Why do we go to these contortions? Previous versions (<1.3.3) of cygwin
used to block when creating a child so that the child could copy the
parent's cygheap. The problem with this was that when a cygwin process
invoked a non-cygwin child, it would block forever waiting for the child
to let it know that it was done copying the heap. That caused
understandable complaints from people who wanted to run non-cygwin
applications "in the background".
In Cygwin 1.3.3 (and presumably beyond) the location of the cygwin heap
has been fixed to be at the end of the cygwin1.dll address space.
Previously, we let the "OS" choose where to allocate the cygwin heap in
the initial cygwin process and attempted to use this same location in
subsequent cygwin processes started from this parent.
This was basically done to accomodate Windows XP, although there were
sporadic complaints of cygwin heap failures in other pathological
situations with both NT and 9x.
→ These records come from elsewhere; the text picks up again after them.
(* Let $m\in\{1,2\}$ and $\gamma\in[2,3]$. Then for every $z\in[z_m,z_M)$, $C(V_1;\gamma,z,P_6)\ne C_1$; that is, the analytic connection from $P_1$ guaranteed by the existence of $z_{std}$ can only pass through $P_8$ (at $z=z_M$ the points $P_6$ and $P_8$ coincide).
   Context: Fix $m\in\{1,2\}$. For $z>0$ put $\lambda=1+m\gamma z$, $a_1=1+\frac{m(\gamma-1)}{2}$, $a_2=\frac{m(\gamma-1)+mz\gamma(\gamma-3)}{2}$, $a_3=\frac{mz\gamma(\gamma-1)}{2}$, $G(V,C;\gamma,z)=C^2[(m+1)V+2mz]-V(1+V)(\lambda+V)$, $F(V,C;\gamma,z)=C\{C^2[1+\frac{mz}{1+V}]-a_1(1+V)^2+a_2(1+V)-a_3\}$; ODE $\frac{dC}{dV}=\frac FG$. $V_1=-\frac2{\gamma+1}$, $C_1=\frac{\sqrt{2\gamma(\gamma-1)}}{\gamma+1}$. $z_M=(\sqrt\gamma+\sqrt2)^{-2}$, $z_m=\frac{\gamma-1}{(2\gamma-1)(\gamma+1)}$; $w(z)=\sqrt{1-2(\gamma+2)z+(\gamma-2)^2z^2}$, $V_6=\frac{-1+(\gamma-2)z-w}{2}$, $C_6=1+V_6$, $V_8=\frac{-1+(\gamma-2)z+w}{2}$, $C_8=1+V_8$, $P_6=(V_6,C_6)$, $P_8=(V_8,C_8)$. For $z\in[z_m,z_M]$, $C(\cdot;\gamma,z,P_6):[V_1,V_6]\to(0,\infty)$ is the real-analytic solution of the ODE near $V_6$ with $C(V_6)=C_6$ and $C'(V_6)$ equal to the unique negative root of $-G_Cc^2+(F_C-G_V)c+F_V=0$ (partials at $P_6$), continued to $[V_1,V_6]$. *)

From Stdlib Require Import Reals Lra.
From Coquelicot Require Import Coquelicot.
Open Scope R_scope.

Section Defs.
Variables (m gamma z : R).

Definition lam : R := 1 + m * gamma * z.
Definition a1 : R := 1 + m * (gamma - 1) / 2.
Definition a2 : R := (m * (gamma - 1) + m * z * gamma * (gamma - 3)) / 2.
Definition a3 : R := m * z * gamma * (gamma - 1) / 2.

Definition Gf (V C : R) : R :=
  C ^ 2 * ((m + 1) * V + 2 * m * z) - V * (1 + V) * (lam + V).

Definition Ff (V C : R) : R :=
  C * (C ^ 2 * (1 + m * z / (1 + V)) - a1 * (1 + V) ^ 2 + a2 * (1 + V) - a3).

Definition V1pt : R := - 2 / (gamma + 1).
Definition C1pt : R := sqrt (2 * gamma * (gamma - 1)) / (gamma + 1).

Definition zM : R := / (sqrt gamma + sqrt 2) ^ 2.
Definition zm : R := (gamma - 1) / ((2 * gamma - 1) * (gamma + 1)).

Definition wz : R := sqrt (1 - 2 * (gamma + 2) * z + (gamma - 2) ^ 2 * z ^ 2).
Definition V6pt : R := (-1 + (gamma - 2) * z - wz) / 2.
Definition C6pt : R := 1 + V6pt.
Definition V8pt : R := (-1 + (gamma - 2) * z + wz) / 2.
Definition C8pt : R := 1 + V8pt.

Definition G_V6 : R := Derive (fun V => Gf V C6pt) V6pt.
Definition G_C6 : R := Derive (fun C => Gf V6pt C) C6pt.
Definition F_V6 : R := Derive (fun V => Ff V C6pt) V6pt.
Definition F_C6 : R := Derive (fun C => Ff V6pt C) C6pt.

(* c is the slope at P6 of the solution: negative root of the quadratic *)
Definition slope6 (c : R) : Prop :=
  c < 0 /\ - G_C6 * c ^ 2 + (F_C6 - G_V6) * c + F_V6 = 0.

Definition sol_P6 (C : R -> R) : Prop :=
  (exists r : R, 0 < r /\ exists a : nat -> R,
     forall V, Rabs (V - V6pt) < r -> is_pseries a (V - V6pt) (C V)) /\
  C V6pt = C6pt /\
  (exists c, slope6 c /\ is_derive C V6pt c) /\
  (forall V, V1pt < V < V6pt ->
     Gf V (C V) <> 0 /\ is_derive C V (Ff V (C V) / Gf V (C V))) /\
  filterlim C (at_right V1pt) (locally (C V1pt)) /\
  (forall V, V1pt <= V <= V6pt -> 0 < C V).
(* ||a|_V|| <= M, unfolded *)
Definition op_norm_le {H : HSpace} (f : H -> H) (M : R) : Prop :=
  forall v : H, hnorm (f v) <= M * hnorm v.

Definition urep_axioms (A : StarAlg) (H : Hilbert) (act : A -> H -> H) : Prop :=
  (forall (a b : A) (v : H), act (aadd A a b) v = hadd H (act a v) (act b v)) /\
  (forall (a : A) (u v : H), act a (hadd H u v) = hadd H (act a u) (act a v)) /\
  (forall (c : C) (a : A) (v : H), act (ascal A c a) v = hscal H c (act a v)) /\
  (forall (c : C) (a : A) (v : H), act a (hscal H c v) = hscal H c (act a v)) /\
  (forall (a b : A) (v : H), act (amul A a b) v = act a (act b v)) /\
  (forall v : H, act (aone A) v = v) /\
  (forall (a : A) (u v : H), hinner H (act a u) v = hinner H u (act (astar A a) v)) /\
  (forall a : A, exists M, op_norm_le (act a) M).

Record URep (A : StarAlg) := {
  rsp :> Hilbert;
  ract : A -> rsp -> rsp;
  rax : urep_axioms A rsp ract
}.
Arguments ract {A} _ _ _.

Definition closed_submodule {A : StarAlg} (V : URep A) (S : V -> Prop) : Prop :=
  S (hzero V) /\
  (forall x y, S x -> S y -> S (hadd V x y)) /\
  (forall c x, S x -> S (hscal V c x)) /\
  (forall a x, S x -> S (ract V a x)) /\
  (forall (u : nat -> V) l, (forall n, S (u n)) -> converges_to u l -> S l).

Definition irreducible {A : StarAlg} (V : URep A) : Prop :=
  forall S, closed_submodule V S -> (forall x, S x -> x = hzero V) \/ (forall x, S x).

Definition coef {A : StarAlg} (V : URep A) (a : A) (v : V) : C :=
  hinner V (ract V a v) v.

Definition weakly_contained {A : StarAlg} (V V' : URep A) : Prop :=
  forall (v : V) (eps : R) (F : list A), hnorm v = 1 -> 0 < eps ->
    exists v' : V', hnorm v' = 1 /\
      forall a, In a F -> Cmod (Cminus (coef V a v) (coef V' a v')) < eps.

(* Spec_A(V'), as a predicate on (representatives of) points of \hat A *)
Definition Spec {A : StarAlg} (V' : URep A) (U : URep A) : Prop :=
  irreducible U /\ weakly_contained U V'.

Definition N_set {A : StarAlg} (V : URep A) (v : V) (eps : R) (F : list A)
  (U : URep A) : Prop :=
  exists u : U, forall a, In a F -> Cmod (Cminus (coef V a v) (coef U a u)) < eps.

Definition subbasic {A : StarAlg} (O : URep A -> Prop) : Prop :=
  exists (V : URep A) (v : V) (eps : R) (F : list A),
    irreducible V /\ hnorm v = 1 /\ 0 < eps /\
    forall U, O U <-> N_set V v eps F U.

Definition dual_open {A : StarAlg} (O : URep A -> Prop) : Prop :=
  forall U, irreducible U -> O U ->
    exists Ns : list (URep A -> Prop),
      (forall N, In N Ns -> subbasic N /\ N U) /\
      (forall W, irreducible W -> (forall N, In N Ns -> N W) -> O W).

Definition dual_closed {A : StarAlg} (S : URep A -> Prop) : Prop :=
  dual_open (fun U => ~ S U).

Definition dual_bounded {A : StarAlg} (S : URep A -> Prop) : Prop :=
  forall a : A, exists M : R,
    forall V : URep A, irreducible V -> S V -> op_norm_le (ract V a) M.

(* Boundedness: if V is weakly contained in V', the diagonal coefficients of
   a* a on unit vectors of V are limits of those on unit vectors of V', and
   <a* a v, v> = |a v|^2, so every bound on a|_V' is a bound on a|_V.
   Closedness: if U is not weakly contained in V', some unit v, eps and F keep
   the coefficients of U at v at distance eps from those of every unit vector
   of V'.  Adding 1 to F, a representation W in the basic neighbourhood of
   (U, v) carries a vector w of norm close to 1, and the normalised w still has
   coefficients close to those of v; so W cannot be weakly contained in V'
   either. *)
From Pilot Require Import Defs.
From Stdlib Require Import Reals List Lra Psatz Classical.
Open Scope R_scope.

Lemma C_ext (a b : Defs.C) : Re a = Re b -> Im a = Im b -> a = b.
Proof. destruct a, b; simpl; intros; subst; reflexivity. Qed.

Lemma Cmod_ge0 z : 0 <= Cmod z.
Proof. apply sqrt_pos. Qed.

Lemma Rabs_Re_le_Cmod z : Rabs (Re z) <= Cmod z.
Proof.
  unfold Cmod. rewrite <- sqrt_Rsqr_abs. apply sqrt_le_1_alt. unfold Rsqr. nra.
Qed.

Lemma Cmod_triangle x y : Cmod (Cplus x y) <= Cmod x + Cmod y.
Proof.
  destruct x as [x1 x2], y as [y1 y2]; unfold Cmod, Cplus; simpl.
  set (X := x1 * x1 + x2 * x2); set (Y := y1 * y1 + y2 * y2).
  assert (HX : 0 <= X) by (unfold X; nra).
  assert (HY : 0 <= Y) by (unfold Y; nra).
  pose proof (sqrt_sqrt X HX); pose proof (sqrt_sqrt Y HY).
  pose proof (sqrt_pos X); pose proof (sqrt_pos Y).
  assert (Cauchy_Schwarz : x1 * y1 + x2 * y2 <= sqrt X * sqrt Y).
  { assert (Hsq : (x1 * y1 + x2 * y2) * (x1 * y1 + x2 * y2)
                  <= (sqrt X * sqrt Y) * (sqrt X * sqrt Y)).
    { replace ((sqrt X * sqrt Y) * (sqrt X * sqrt Y))
        with ((sqrt X * sqrt X) * (sqrt Y * sqrt Y)) by ring.
      rewrite H, H0; unfold X, Y.
      pose proof (Rle_0_sqr (x1 * y2 - x2 * y1)) as Hsq; unfold Rsqr in Hsq. nra. }
    assert (0 <= sqrt X * sqrt Y) by nra. nra. }
  rewrite <- (sqrt_Rsqr (sqrt X + sqrt Y)) by lra.
  apply sqrt_le_1_alt; unfold Rsqr.
  replace ((x1 + y1) * (x1 + y1) + (x2 + y2) * (x2 + y2))
    with (X + Y + 2 * (x1 * y1 + x2 * y2)) by (unfold X, Y; ring).
  nra.
Qed.

Lemma Cmod_sub_triangle x y z :
  Cmod (Cminus x z) <= Cmod (Cminus x y) + Cmod (Cminus y z).
Proof.
  replace (Cminus x z) with (Cplus (Cminus x y) (Cminus y z)).
  - apply Cmod_triangle.
  - destruct x, y, z; apply C_ext; simpl; ring.
Qed.

Lemma Cmod_mult_real t z : Cmod (Cmult (mkC t 0) z) = Rabs t * Cmod z.
Proof.
  destruct z as [a b]; unfold Cmod, Cmult; simpl.
  match goal with |- sqrt ?e = _ => replace e with ((t * t) * (a * a + b * b)) by ring end.
  rewrite sqrt_mult_alt, <- sqrt_Rsqr_abs by nra. reflexivity.
Qed.

Lemma Cmod_sub_mult_real t z :
  Cmod (Cminus z (Cmult (mkC t 0) z)) = Rabs (1 - t) * Cmod z.
Proof.
  rewrite <- Cmod_mult_real. f_equal. destruct z; apply C_ext; simpl; ring.
Qed.

Lemma Cmod_sub_diag z : Cmod (Cminus z z) = 0.
Proof.
  replace (Cminus z z) with C0 by (destruct z; apply C_ext; simpl; ring).
  unfold Cmod; simpl. replace (0 * 0 + 0 * 0) with 0 by ring. apply sqrt_0.
Qed.

Section HilbertSpace.
Variable H : Hilbert.

Lemma hadd0r (x : H) : hadd H x (hzero H) = x.
Proof. now destruct (hilbert_ax H) as (_&_&E&_). Qed.

Lemma hinnerDl (x y z : H) :
  hinner H (hadd H x y) z = Cplus (hinner H x z) (hinner H y z).
Proof. now destruct (hilbert_ax H) as (_&_&_&_&_&_&_&_&E&_). Qed.

Lemma hinnerZl (c : Defs.C) (x y : H) : hinner H (hscal H c x) y = Cmult c (hinner H x y).
Proof. now destruct (hilbert_ax H) as (_&_&_&_&_&_&_&_&_&E&_). Qed.

Lemma hinner_conj (x y : H) : hinner H y x = Cconj (hinner H x y).
Proof. now destruct (hilbert_ax H) as (_&_&_&_&_&_&_&_&_&_&E&_). Qed.

Lemma Re_hinner_self_ge0 (x : H) : 0 <= Re (hinner H x x).
Proof. now destruct (hilbert_ax H) as (_&_&_&_&_&_&_&_&_&_&_&E&_). Qed.

Lemma hinner_self_eq0 (x : H) : hinner H x x = C0 -> x = hzero H.
Proof. destruct (hilbert_ax H) as (_&_&_&_&_&_&_&_&_&_&_&_&E&_). apply E. Qed.

Lemma hinner0l (y : H) : hinner H (hzero H) y = C0.
Proof.
  pose proof (hinnerDl (hzero H) (hzero H) y) as E. rewrite hadd0r in E.
  destruct (hinner H (hzero H) y) as [p q]; injection E; intros.
  apply C_ext; simpl; lra.
Qed.

Lemma hinner0r (y : H) : hinner H y (hzero H) = C0.
Proof. rewrite hinner_conj, hinner0l. apply C_ext; simpl; lra. Qed.

Lemma Im_hinner_self (x : H) : Im (hinner H x x) = 0.
Proof.
  pose proof (hinner_conj x x) as E. destruct (hinner H x x) as [p q].
  injection E; simpl; lra.
Qed.

Lemma hnorm_ge0 (x : H) : 0 <= hnorm x.
Proof. apply sqrt_pos. Qed.

Lemma hnorm_sq (x : H) : hnorm x * hnorm x = Re (hinner H x x).
Proof. apply sqrt_sqrt, Re_hinner_self_ge0. Qed.

Lemma hnorm_eq0 (x : H) : hnorm x = 0 -> x = hzero H.
Proof.
  intro E. apply hinner_self_eq0. apply sqrt_eq_0 in E; [|apply Re_hinner_self_ge0].
  pose proof (Im_hinner_self x). destruct (hinner H x x); simpl in *.
  apply C_ext; simpl; assumption.
Qed.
In Windows XP, Microsoft made the
allocation of memory less deterministic. This is certainly their right.
Cygwin was previously relying on undocumented and "iffy" behavior before.
We're not exactly on completely firm ground now, though. We are assuming
that there is sufficient space after the cygwin DLL for the allocation
of the cygwin heap. So far this assumption has proved workable but there
is no guarantee that newer versions of Windows won't break this assumption
too.